**INSTRUCTIONS FOR THE TASK:**
Output only the stretch of the listing that starts at the line containing "exists Y, [/\" and ends at the line containing "have := congr1", reproduced exactly with both ends.

**RECORDS FOR PROCESSING:**
(* Let $4\le p<n$ and let $K_{n+1}=(V,E)$ be the complete graph on $V=\{0,\dots,n\}$. For every edge $e\in E\setminus\{[0,n]\}$, the nonnegativity constraint $y_e\ge 0$ defines a facet of $P^p_{[0,n]}(K_{n+1})$.
   Context: For an undirected graph $G=(V,E)$ with $V=\{0,\dots,n\}$, a $[0,n]$-$p$-path is a simple (undirected) path from $0$ to $n$ with exactly $p$ edges, and $P^p_{[0,n]}(G)\subseteq\mathbb{R}^E$ is the convex hull of the incidence vectors of all $[0,n]$-$p$-paths in $G$. A facet is a face of dimension $\dim P^p_{[0,n]}(K_{n+1})-1$. *)

From HB Require Import structures.
From mathcomp Require Import all_boot all_order all_algebra.
Set Implicit Arguments. Unset Strict Implicit. Unset Printing Implicit Defensive.
Import Order.TTheory GRing.Theory Num.Theory.
Local Open Scope ring_scope.

(* Vertices of K_{n+1}: 'I_n.+1 = {0,...,n}. Edges: unordered pairs {i,j},
   represented as ordered pairs (i,j) with i < j. *)
Definition edge (n : nat) := {e : 'I_n.+1 * 'I_n.+1 | (e.1 < e.2)%N}.

Definition edge_joins (n : nat) (e : edge n) (u v : 'I_n.+1) : bool :=
  (((val e).1 == u) && ((val e).2 == v)) || (((val e).1 == v) && ((val e).2 == u)).

(* A [0,n]-p-path: a sequence of p+1 pairwise distinct vertices
   v_0 = 0, ..., v_p = n (consecutive vertices are adjacent in K_{n+1}). *)
Definition is_pathp (n p : nat) (t : p.+1.-tuple 'I_n.+1) : bool :=
  [&& uniq t, nth ord0 t 0 == ord0 & nth ord0 t p == ord_max].

Definition incid (R : numDomainType) (n p : nat) (t : p.+1.-tuple 'I_n.+1)
  : {ffun edge n -> R} :=
  [ffun e => if [exists i : 'I_p, edge_joins e (nth ord0 t i) (nth ord0 t i.+1)]
             then 1 else 0].

Definition path_polytope (R : numDomainType) (n p : nat) (x : {ffun edge n -> R}) : Prop :=
  exists lam : {ffun p.+1.-tuple 'I_n.+1 -> R},
    [/\ forall t, 0 <= lam t,
        forall t, ~~ is_pathp t -> lam t = 0,
        \sum_t lam t = 1
      & forall e, x e = \sum_t lam t * incid R t e].

Definition aff_indep (R : numDomainType) (E : finType) (k : nat)
  (x : 'I_k -> {ffun E -> R}) : Prop :=
  forall c : 'I_k -> R, \sum_i c i = 0 -> (forall e, \sum_i c i * x i e = 0) ->
    forall i, c i = 0.

Definition has_affdim (R : numDomainType) (E : finType) (S : {ffun E -> R} -> Prop)
  (d : nat) : Prop :=
  (exists x : 'I_d.+1 -> {ffun E -> R}, (forall i, S (x i)) /\ aff_indep x) /\
  (forall x : 'I_d.+2 -> {ffun E -> R}, (forall i, S (x i)) -> ~ aff_indep x).

From HB Require Import structures.
From mathcomp Require Import all_boot all_order all_algebra.
From mathcomp Require Import ring zify.
Import Order.TTheory GRing.Theory Num.Theory.
Local Open Scope ring_scope.
Set Implicit Arguments. Unset Strict Implicit. Unset Printing Implicit Defensive.

(* Every path has p edges, so all points of the polytope lie on the hyperplane
   [sum y = p]; hence affine dimensions are linear dimensions of spans minus one.
   The face [y_e = 0] is spanned by the paths avoiding e, and one path through e
   raises the dimension of that span by exactly one, because the difference of
   any two paths through e lies in the span of the face.  To see this, a path
   ... s r c ... through e = rs, with r interior, is congruent modulo the face
   span to its "detour" (replace r by a vertex y off the path), and any two
   detours are linked by exchanges of one vertex between two fixed neighbours.
   Each exchange is the difference of two paths avoiding e, which exist since
   p >= 4 leaves room around the exchanged triple and p < n provides a spare
   vertex. *)

Lemma exists_fresh_seq (T : finType) (X : seq T) m : (m + size X <= #|T|)%N ->
  exists F : seq T, [/\ uniq F, size F = m & {in F, forall x, x \notin X}].
Proof.
move=> hm; set L := [seq x <- enum T | x \notin X].
have sizeL : (m <= size L)%N.
  have count_X : (count (mem X) (enum T) <= size X)%N.
    rewrite -size_filter; apply: uniq_leq_size; first exact/filter_uniq/enum_uniq.
    by move=> x; rewrite mem_filter => /andP[].
  rewrite -(leq_add2r (size X)); apply: leq_trans hm _.
  rewrite cardT -(count_predC (mem X) (enum T)) addnC.
  by apply: leq_add => //; rewrite /L size_filter.
exists (take m L); split.
- exact/take_uniq/filter_uniq/enum_uniq.
- exact/size_takel.
- by move=> x /mem_take; rewrite mem_filter => /andP[].
Qed.

Lemma ffunD (aT : finType) (rT : nmodType) (u v : {ffun aT -> rT}) x :
  (u + v) x = u x + v x.
Proof. by rewrite ffunE. Qed.

Lemma memvB_trans (K : fieldType) (vT : vectType K) (U : {vspace vT}) (u v w : vT) :
  u - v \in U -> v - w \in U -> u - w \in U.
Proof. by move=> huv hvw; rewrite -(subrK v u) -addrA memvD. Qed.

Section AffineDimension.
Variables (R : numFieldType) (E : finType).
Local Notation W := {ffun E -> R^o}.

Lemma free_subseq_span (X : seq W) :
  exists Y, [/\ free Y, {subset Y <= X} & (<<Y>> = <<X>>)%VS].
Proof.
elim: X => [|x X [Y [freeY subYX spanY]]]; first by exists [::]; rewrite nil_free.
have [xX | xNX] := boolP (x \in <<X>>%VS).
- exists Y; split=> //; first by move=> z /subYX; rewrite inE => ->; rewrite orbT.
  by rewrite span_cons spanY; apply/esym/addv_idPr; rewrite -memvE.
- exists (x :: Y); split; first by rewrite free_cons spanY xNX.
  + by move=> z; rewrite !inE => /orP[->|/subYX ->]; rewrite ?orbT.
  + by rewrite !span_cons spanY.
Qed.

Lemma aff_indep_free k (x : 'I_k -> {ffun E -> R}) (c : R) : c != 0 ->
  (forall i, \sum_f x i f = c) -> aff_indep x <-> free [tuple (x i : W) | i < k].
Proof.
move=> c_neq0 sum_x; split=> [indep | /freeP free_x coef _ comb_eq0].
- apply/freeP => coef comb_eq0.
  have comb_f f : \sum_i coef i * x i f = 0.
    have := congr1 (fun v : W => v f) comb_eq0; rewrite /= sum_ffunE ffunE => comb.
    by rewrite -[RHS]comb; apply: eq_bigr => i _; rewrite ffunE nth_mktuple.
  suff sum_coef : \sum_i coef i = 0 by apply: indep sum_coef comb_f.
  apply/eqP; rewrite -(mulIr_eq0 _ (mulIf c_neq0)) mulr_suml.
  rewrite (eq_bigr (fun i => \sum_f coef i * x i f)) => [|i _]; last first.
    by rewrite -mulr_sumr sum_x.
  by rewrite exchange_big big1.
- apply: free_x; apply/ffunP => f; rewrite sum_ffunE ffunE -[RHS](comb_eq0 f).
  by apply: eq_bigr => i _; rewrite ffunE nth_mktuple.
Qed.

Lemma has_affdim_span (S : {ffun E -> R} -> Prop) (X : seq W) (c : R) d :
  c != 0 -> (forall x, x \in X -> S x) -> (forall y, S y -> (y : W) \in <<X>>%VS) ->
  (forall y, S y -> \sum_f y f = c) -> \dim <<X>> = d.+1 -> has_affdim S d.
Proof.
move=> c_neq0 X_S S_X sum_S dimX; split.
- have [Y [freeY subYX spanY]] := free_subseq_span X.
  have sizeY : size Y == d.+1 by rewrite -dimX -spanY (eqP freeY).
  pose T : d.+1.-tuple W := Tuple sizeY.
  have T_S (i : 'I_d.+1) : S T`_i.
    by apply: X_S; apply: subYX; apply: mem_nth; rewrite (eqP sizeY).
  exists (fun i => T`_i); split=> //.
  apply/(aff_indep_free c_neq0) => [i|]; first exact: sum_S.
  suff -> : [tuple (T`_i : W) | i < d.+1] = T by [].
  by apply: eq_from_tnth => i; rewrite tnth_mktuple (tnth_nth 0).
- move=> x x_S /(aff_indep_free c_neq0 (fun i => sum_S _ (x_S i))) freeT.
  have: (<<[tuple (x i : W) | i < d.+2]>> <= <<X>>)%VS.
    apply/span_subvP => v /(nthP 0)[j]; rewrite size_tuple => jlt <-.
    by rewrite (nth_mktuple _ _ (Ordinal jlt)); apply: S_X.
  by move/dimvS; rewrite (eqP freeT) size_tuple dimX ltnn.
Qed.

End AffineDimension.

Lemma perm_mid (T : eqType) (A B : seq T) a y b :
  perm_eq (A ++ [:: a, y, b & B]) (y :: A ++ [:: a, b & B]).
Proof. by apply/permP => P; rewrite /= !count_cat /=; lia. Qed.

Section VertexSequences.
Variables (R : numFieldType) (n : nat).
Local Notation V := 'I_n.+1.
Local Notation VV := {ffun edge n -> R^o}.

Lemma edge_joinsC (f : edge n) (a b : V) : edge_joins f a b = edge_joins f b a.
Proof. by rewrite /edge_joins orbC. Qed.

Lemma edge_joins_eq (f : edge n) (u v a b : V) : edge_joins f u v -> edge_joins f a b ->
  (a = u /\ b = v) \/ (a = v /\ b = u).
Proof.
by rewrite /edge_joins => /orP[]/andP[/eqP<- /eqP<-] /orP[]/andP[/eqP-> /eqP->]; tauto.
Qed.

**SOLUTION TO THE EXERCISE:**
  exists Y, [/\ free Y, {subset Y <= X} & (<<Y>> = <<X>>)%VS].
Proof.
elim: X => [|x X [Y [freeY subYX spanY]]]; first by exists [::]; rewrite nil_free.
have [xX | xNX] := boolP (x \in <<X>>%VS).
- exists Y; split=> //; first by move=> z /subYX; rewrite inE => ->; rewrite orbT.
  by rewrite span_cons spanY; apply/esym/addv_idPr; rewrite -memvE.
- exists (x :: Y); split; first by rewrite free_cons spanY xNX.
  + by move=> z; rewrite !inE => /orP[->|/subYX ->]; rewrite ?orbT.
  + by rewrite !span_cons spanY.
Qed.

Lemma aff_indep_free k (x : 'I_k -> {ffun E -> R}) (c : R) : c != 0 ->
  (forall i, \sum_f x i f = c) -> aff_indep x <-> free [tuple (x i : W) | i < k].
Proof.
move=> c_neq0 sum_x; split=> [indep | /freeP free_x coef _ comb_eq0].
- apply/freeP => coef comb_eq0.
  have comb_f f : \sum_i coef i * x i f = 0.
    have := congr1 (fun v : W => v f) comb_eq0; rewrite /= sum_ffunE ffunE => comb.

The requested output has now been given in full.